(Dataset entries)
= = =

(* Let $\mathcal V$ be a finite vocabulary, $L\ge1$, $P$ a distribution on $\mathcal V^L$, and $Q_\theta$ an autoregressive model on $\mathcal V^L$ whose conditionals $Q_\theta(\cdot\mid\mathbf x_{<l})$ are strictly positive and differentiable in the parameter $\theta$. Let $\alpha\in(0,1)\cup(1,\infty)$. For $\mathbf x\in\mathcal V^L$ and $l\in\{1,\dots,L\}$ let $\widehat P^{x_l}_{<l}$ be the point mass at $x_l$ (the $\gamma$-proxy distribution with $\gamma=1$). Then for every $\theta$, $$\nabla_\theta\,\mathbb E_{\mathbf x\sim P}\Big[\sum_{l=1}^L D_\alpha\big(\widehat P^{x_l}_{<l}\,\Vert\, Q_\theta(\cdot\mid\mathbf x_{<l})\big)\Big]=\nabla_\theta \mathcal L^\alpha_{\mathrm{cDiv}}(\theta),$$ where $\mathcal L^\alpha_{\mathrm{cDiv}}(\theta)=-\mathbb E_{\mathbf x\sim P}\big[\sum_{l=1}^L \bar Q_\theta(x_l\mid\mathbf x_{<l})^{1-\alpha}\log Q_\theta(x_l\mid\mathbf x_{<l})\big]$ and $\bar Q_\theta$ denotes $Q_\theta$ treated as a constant with respect to $\theta$ when differentiating (so $\nabla_\theta\mathcal L^\alpha_{\mathrm{cDiv}}(\theta)=-\mathbb E_{\mathbf x\sim P}[\sum_l Q_\theta(x_l\mid\mathbf x_{<l})^{1-\alpha}\nabla_\theta\log Q_\theta(x_l\mid\mathbf x_{<l})]$). That is, minimizing these conditional $\alpha$-divergences is equivalent (in the sense of identical gradients) to minimizing $\mathcal L^\alpha_{\mathrm{cDiv}}$.
   Context: The (Tsallis) $\alpha$-divergence between distributions $p,q$ on a finite set is $D_\alpha(p\Vert q)=\frac{1}{\alpha-1}\big(\sum_{x}p(x)^\alpha q(x)^{1-\alpha}-1\big)$, with the convention $0^\alpha=0$. For $\gamma\in[0,1]$, the $\gamma$-proxy of the conditional target at position $l$ given an observed token $x_l$ is $\widehat P^{x_l}_{<l}(\cdot)=\gamma\,\mathbf 1_{\{x_l=\cdot\}}+(1-\gamma)Q_\theta(\cdot\mid\mathbf x_{<l})$. *)

From HB Require Import structures.
From mathcomp Require Import all_boot all_order all_algebra.
From mathcomp Require Import all_classical all_reals all_analysis.
Set Implicit Arguments. Unset Strict Implicit. Unset Printing Implicit Defensive.
Import Order.TTheory GRing.Theory Num.Theory.
Import numFieldNormedType.Exports.
Local Open Scope ring_scope.

(* Tsallis alpha-divergence between p, q : V -> R on a finite set V.
   powR satisfies 0 `^ a = 0 for a <> 0, matching the convention 0^alpha = 0. *)
Definition alpha_div (R : realType) (V : finType) (alpha : R) (p q : V -> R) : R :=
  (alpha - 1)^-1 * (\sum_(x : V) p x `^ alpha * q x `^ (1 - alpha) - 1).

Definition gamma_proxy (R : realType) (V : finType) (gamma : R) (xl : V)
  (q : V -> R) : V -> R :=
  fun y => gamma * (xl == y)%:R + (1 - gamma) * q y.

(* An autoregressive model is given by its conditionals Q theta s v =
   Q_theta(v | s), where s : seq V is the prefix x_{<l} (of size l). *)

Definition cond_div_objective (R : realType) (V : finType) (L d : nat)
  (P : L.-tuple V -> R) (Q : 'rV[R]_d -> seq V -> V -> R) (alpha : R)
  (theta : 'rV[R]_d) : R :=
  \sum_(x : L.-tuple V) P x *
    \sum_(l < L) alpha_div alpha
        (gamma_proxy 1 (tnth x l) (Q theta (take l x)))
        (Q theta (take l x)).

(* L_cDiv with stop-gradient: the factor Qbar is evaluated at the frozen
   parameter theta0, the log-term at the live parameter theta. *)
Definition cDiv_loss_sg (R : realType) (V : finType) (L d : nat)
  (P : L.-tuple V -> R) (Q : 'rV[R]_d -> seq V -> V -> R) (alpha : R)
  (theta0 theta : 'rV[R]_d) : R :=
  - \sum_(x : L.-tuple V) P x *
    \sum_(l < L) (Q theta0 (take l x) (tnth x l)) `^ (1 - alpha) *
                 ln (Q theta (take l x) (tnth x l)).

(* With gamma = 1 the proxy is the point mass at x_l, so each conditional
   divergence collapses to (alpha - 1)^-1 (q^(1 - alpha) - 1), q being the
   model probability of the observed token.  As a function of q its derivative
   is -q^(-alpha), which is also the derivative of -q0^(1 - alpha) ln q at
   q = q0.  By the chain rule the two objectives therefore have the same
   differential term by term, and differentials add up over finite sums. *)
From HB Require Import structures.
From mathcomp Require Import all_boot all_order all_algebra.
From mathcomp Require Import all_classical all_reals all_analysis.
From mathcomp Require Import ring.
Set Implicit Arguments. Unset Strict Implicit. Unset Printing Implicit Defensive.
Import Order.TTheory GRing.Theory Num.Theory.
Import numFieldNormedType.Exports.
Local Open Scope ring_scope.

Lemma linear_ext (R : pzRingType) (U W : lmodType R) (f g : {linear U -> W}) :
  f =1 g -> f = g.
Proof.
move=> /funext; case: f => f [[fA] [fZ]]; case: g => g [[gA] [gZ]] /= fg.
by subst g; rewrite (Prop_irrelevance fA gA) (Prop_irrelevance fZ gZ).
Qed.

Section SameDifferential.
Variables (R : realType) (V W : normedModType R).

Definition same_diff (f g : V -> W) (x : V) :=
  [/\ differentiable f x, differentiable g x & 'd f x = 'd g x].

(* Rewriting with an equation between differentials makes the unifier unfold
   [diff] on every failed match, which is very slow: the equations are applied
   through [f_equal] instead. *)
Lemma same_diffD (f1 g1 f2 g2 : V -> W) x :
  same_diff f1 g1 x -> same_diff f2 g2 x -> same_diff (f1 + f2) (g1 + g2) x.
Proof.
move=> [df1 dg1 e1] [df2 dg2 e2]; split; [exact: differentiableD..|].
apply: linear_ext => v.
rewrite [in LHS](diffD df1 df2) [in RHS](diffD dg1 dg2) /=.
exact: (f_equal2 (fun a b : {linear V -> W} => a v + b v) e1 e2).
Qed.

Lemma same_diffZ k (f g : V -> W) x :
  same_diff f g x -> same_diff (k *: f) (k *: g) x.
Proof.
move=> [df dg e]; split; [exact: differentiableZ..|].
apply: linear_ext => v.
rewrite [in LHS](diffZ k df) [in RHS](diffZ k dg) /=.
exact: (f_equal (fun a : {linear V -> W} => k *: a v) e).
Qed.

Lemma same_diff_sum (I : Type) (r : seq I) (F G : I -> V -> W) x :
  (forall i, same_diff (F i) (G i) x) ->
  same_diff (\sum_(i <- r) F i) (\sum_(i <- r) G i) x.
Proof.
move=> FG; apply: (big_ind2 (fun f g => same_diff f g x)).
- by split; [exact: differentiable_cst..|].
- by move=> f1 g1 f2 g2; apply: same_diffD.
- by move=> i _; exact: FG.
Qed.

End SameDifferential.

Lemma same_diff_comp (R : realType) (V : normedModType R) (q : V -> R)
    (h1 h2 : R -> R) (x : V) (c : R) :
  differentiable q x -> is_derive (q x) 1 h1 c -> is_derive (q x) 1 h2 c ->
  same_diff (h1 \o q) (h2 \o q) x.
Proof.
move=> dq dh1 dh2.
have d1 : differentiable h1 (q x) by apply/derivable1_diffP; case: dh1.
have d2 : differentiable h2 (q x) by apply/derivable1_diffP; case: dh2.
split; [exact: differentiable_comp..|].
apply: linear_ext => v.
rewrite [in LHS](diff_comp dq d1) [in RHS](diff_comp dq d2) /=.
rewrite [in LHS](diff1E d1) [in RHS](diff1E d2).
rewrite [in LHS]derive1E [in RHS]derive1E.
by case: dh1 => _ ->; case: dh2 => _ ->.
Qed.

Lemma alpha_div_dirac (R : realType) (V : finType) (alpha : R) (v : V)
    (q : V -> R) :
  alpha != 0 ->
  alpha_div alpha (gamma_proxy 1 v q) q =
  (alpha - 1)^-1 * (q v `^ (1 - alpha) - 1).
Proof.
move=> alpha_neq0; rewrite /alpha_div (bigD1 v) //= big1 => [|y yv].
  by rewrite /gamma_proxy eqxx subrr mul0r mul1r !addr0 /= powR1 mul1r.
rewrite /gamma_proxy subrr mul0r mul1r addr0 eq_sym (negbTE yv) /=.
by rewrite powR0 ?mul0r.
Qed.

Section PowerDerivatives.
Variables (R : realType) (alpha y : R).
Hypothesis y_gt0 : 0 < y.

Lemma is_derive_alpha_div_dirac : alpha != 1 ->
  is_derive y 1 (fun z => (alpha - 1)^-1 * (z `^ (1 - alpha) - 1))
    (- y `^ (- alpha)).
Proof.
move=> alpha_neq1.
have -> : (fun z => (alpha - 1)^-1 * (z `^ (1 - alpha) - 1)) =
    (alpha - 1)^-1 \*: ((@powR R)^~ (1 - alpha) - cst 1) by [].
apply: is_derive_eq.
  exact: is_deriveZ
    (is_deriveB (is_derive1_powR _ y_gt0) (is_derive_cst _ _ _)).
have -> : 1 - alpha - 1 = - alpha by ring.
rewrite subr0 /GRing.scale /=.
by field; rewrite subr_eq0.
Qed.

Lemma is_derive_frozen_weight_ln :
  is_derive y 1 (fun z => - y `^ (1 - alpha) * ln z) (- y `^ (- alpha)).
Proof.
have -> : (fun z => - y `^ (1 - alpha) * ln z) =
    (- y `^ (1 - alpha)) \*: (@ln R) by [].
apply: is_derive_eq; first exact: is_deriveZ (is_derive1_ln y_gt0).
rewrite [in RHS](_ : - alpha = 1 - alpha - 1); last by ring.
rewrite /GRing.scale /= mulNr [in RHS]powRB ?powRr1 ?ltW //.
by apply/implyP => _; rewrite gt_eqF.
Qed.

End PowerDerivatives.

Theorem theorem5p4 (R : realType) (V : finType) (L d : nat)
  (P : L.-tuple V -> R) (Q : 'rV[R]_d -> seq V -> V -> R) (alpha : R) :
  (1 <= L)%N ->
  (forall x, 0 <= P x) -> \sum_(x : L.-tuple V) P x = 1 ->
  (forall theta (s : seq V), (size s < L)%N ->
     (forall v, 0 < Q theta s v) /\ \sum_(v : V) Q theta s v = 1) ->
  (forall (s : seq V) (v : V) theta, (size s < L)%N ->
     differentiable (fun t => Q t s v) theta) ->
  0 < alpha -> alpha != 1 ->
  forall theta : 'rV[R]_d,
    differentiable (cond_div_objective P Q alpha) theta /\
    differentiable (cDiv_loss_sg P Q alpha theta) theta /\
    'd (cond_div_objective P Q alpha) theta =
    'd (cDiv_loss_sg P Q alpha theta) theta.
Proof.
(* The identity holds term by term: neither P nor Q needs to be normalised. *)
move=> _ _ _ Q_pos Q_diff alpha_gt0 alpha_neq1 theta.
pose q (x : L.-tuple V) (l : 'I_L) t := Q t (take l x) (tnth x l).
have prefix_lt (x : L.-tuple V) (l : 'I_L) : (size (take l x) < L)%N.
  by rewrite size_take size_tuple !ltn_ord.
have obj_sum : cond_div_objective P Q alpha = \sum_(x : L.-tuple V) P x *:
    \sum_(l < L) ((fun z => (alpha - 1)^-1 * (z `^ (1 - alpha) - 1)) \o q x l).
  apply/funext => t; rewrite /cond_div_objective fct_sumE.
  apply: eq_bigr => x _.
  rewrite fct_sumE; congr (_ * _); apply: eq_bigr => l _.
  by rewrite alpha_div_dirac ?gt_eqF.
have loss_sum : cDiv_loss_sg P Q alpha theta = \sum_(x : L.-tuple V) P x *:
    \sum_(l < L) ((fun z => - q x l theta `^ (1 - alpha) * ln z) \o q x l).
  apply/funext => t; rewrite /cDiv_loss_sg fct_sumE -sumrN.
  apply: eq_bigr => x _.
  rewrite fct_sumE /= -mulrN -sumrN; congr (_ * _); apply: eq_bigr => l _.
  by rewrite mulNr.
suff [obj_diff loss_diff d_eq] :
    same_diff (cond_div_objective P Q alpha)
      (cDiv_loss_sg P Q alpha theta) theta.
  by split; [|split].
rewrite obj_sum loss_sum; apply: same_diff_sum => x; apply: same_diffZ.
apply: same_diff_sum => l.
have q_gt0 : 0 < q x l theta by apply: (Q_pos _ _ (prefix_lt x l)).1.
apply: same_diff_comp (Q_diff _ _ _ (prefix_lt x l)) _ _.
- exact: is_derive_alpha_div_dirac q_gt0 alpha_neq1.
- exact: is_derive_frozen_weight_ln q_gt0.
Qed.
Definition node_rule (q : state) (ts : tstack) (pi : seq nat) (r : R) :=
  [\/ ptr ts = pi /\ exists i p, q = SBar r i p,
      exists kap i j, eff_label q ts (rcons pi kap) = Some (Lab (GBar r i j))
    | xi ts pi = Some (Lab (GRule r))].

Definition requested (V : seq visit) (pi : seq nat) (m : nat) :=
  size pi <= 1 \/
  exists2 e, List.In e V & vpos e = pi /\ var_index (vrule e) (vcomp e) (vsym e) = m.

Definition state_ok (q : state) (ts : tstack) : Prop :=
  match q with
  | SBox => ptr ts = [::]
  | SBoxP => False
  | SBoxM => size (ptr ts) = 1 /\ exists r, xi ts (ptr ts) = Some (Lab (GRule r))
  | SBar _ _ _ => ptr ts != [::]
  | SBarP _ _ _ => 2 <= size (ptr ts)
  | SBarM _ _ _ => 2 <= size (ptr ts) /\ exists r, xi ts (ptr ts) = Some (Lab (GRule r))
  end.

Definition move_to (t : seq nat) (it : item) : bool :=
  is_push_or_up (t_instr it.1) && (conf_ptr it.2 == t).

Definition root_move (it : item) : bool :=
  is_push_or_up (t_instr it.1) && (size (conf_ptr it.2) <= 1).

Record Inv (h : seq item) (q : state) (ts : tstack) : Prop := {
  inv_root : xi ts [::] = Some At;
  inv_calls : forall s, s != [::] -> call_label (eff_label q ts s) = prefix s (ptr ts);
  inv_box_depth : forall s, eff_label q ts s = Some (Lab (GBox G)) -> size s = 1;
  inv_bar_depth : forall s r i j, eff_label q ts s = Some (Lab (GBar r i j)) -> 2 <= size s;
  inv_state : state_ok q ts;
  inv_root_moves : count root_move h = 0 \/
                   [/\ count root_move h = 1, xi ts [:: 1] <> None & 0 < k];
  inv_moves : forall t, 2 <= size t ->
                count (move_to t) h = count (fun e => vpos e == t) (visits h);
  inv_visit_alloc : forall e, List.In e (visits h) -> xi ts (parent (vpos e)) <> None;
  inv_visit_occ : forall e, List.In e (visits h) ->
                    var_occ (vrule e) (vcomp e) (vsym e) (last 0 (vpos e))
                            (var_index (vrule e) (vcomp e) (vsym e));
  inv_visit_uniq : uniq [seq (vpos e, vcomp e, vsym e) | e <- visits h];
  inv_visit_rule : forall e, List.In e (visits h) ->
                     node_rule q ts (parent (vpos e)) (vrule e);
  inv_visit_past : forall e p, List.In e (visits h) ->
                     computing q ts (parent (vpos e)) (vcomp e) p -> vsym e <= p;
  inv_visit_requested : forall e, List.In e (visits h) ->
                          requested (visits h) (parent (vpos e)) (vcomp e);
  inv_computing_requested : forall pi i p, computing q ts pi i p -> requested (visits h) pi i
}.

Lemma eff_label_off q ts s : s != ptr ts -> eff_label q ts s = xi ts s.
Proof. by rewrite /eff_label => /negbTE ->. Qed.

Lemma eff_label_SBar r i j ts s : eff_label (SBar r i j) ts s = xi ts s.
Proof. by rewrite /eff_label; case: ifP. Qed.

Lemma eff_label_SBox ts s : eff_label (SBox G) ts s = xi ts s.
Proof. by rewrite /eff_label; case: ifP. Qed.

Section Invariant.

Variables (h : seq item) (q : state) (ts : tstack).
Hypothesis I : Inv h q ts.

Lemma call_prefix s kap r i j :
  eff_label q ts (rcons s kap) = Some (Lab (GBar r i j)) -> prefix (rcons s kap) (ptr ts).
Proof. by move=> E; rewrite -(inv_calls I (rcons_neq0 _ _)) E. Qed.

= = =

What you will do: What do the lines from the one with "Lemma eff_label_off q" through the last line of the entries say? Print them word for word, both ends included, and nothing else.

Written answer:
Lemma eff_label_off q ts s : s != ptr ts -> eff_label q ts s = xi ts s.
Proof. by rewrite /eff_label => /negbTE ->. Qed.

Lemma eff_label_SBar r i j ts s : eff_label (SBar r i j) ts s = xi ts s.
Proof. by rewrite /eff_label; case: ifP. Qed.

Lemma eff_label_SBox ts s : eff_label (SBox G) ts s = xi ts s.
Proof. by rewrite /eff_label; case: ifP. Qed.

Section Invariant.

Variables (h : seq item) (q : state) (ts : tstack).
Hypothesis I : Inv h q ts.

Lemma call_prefix s kap r i j :
  eff_label q ts (rcons s kap) = Some (Lab (GBar r i j)) -> prefix (rcons s kap) (ptr ts).
Proof. by move=> E; rewrite -(inv_calls I (rcons_neq0 _ _)) E. Qed.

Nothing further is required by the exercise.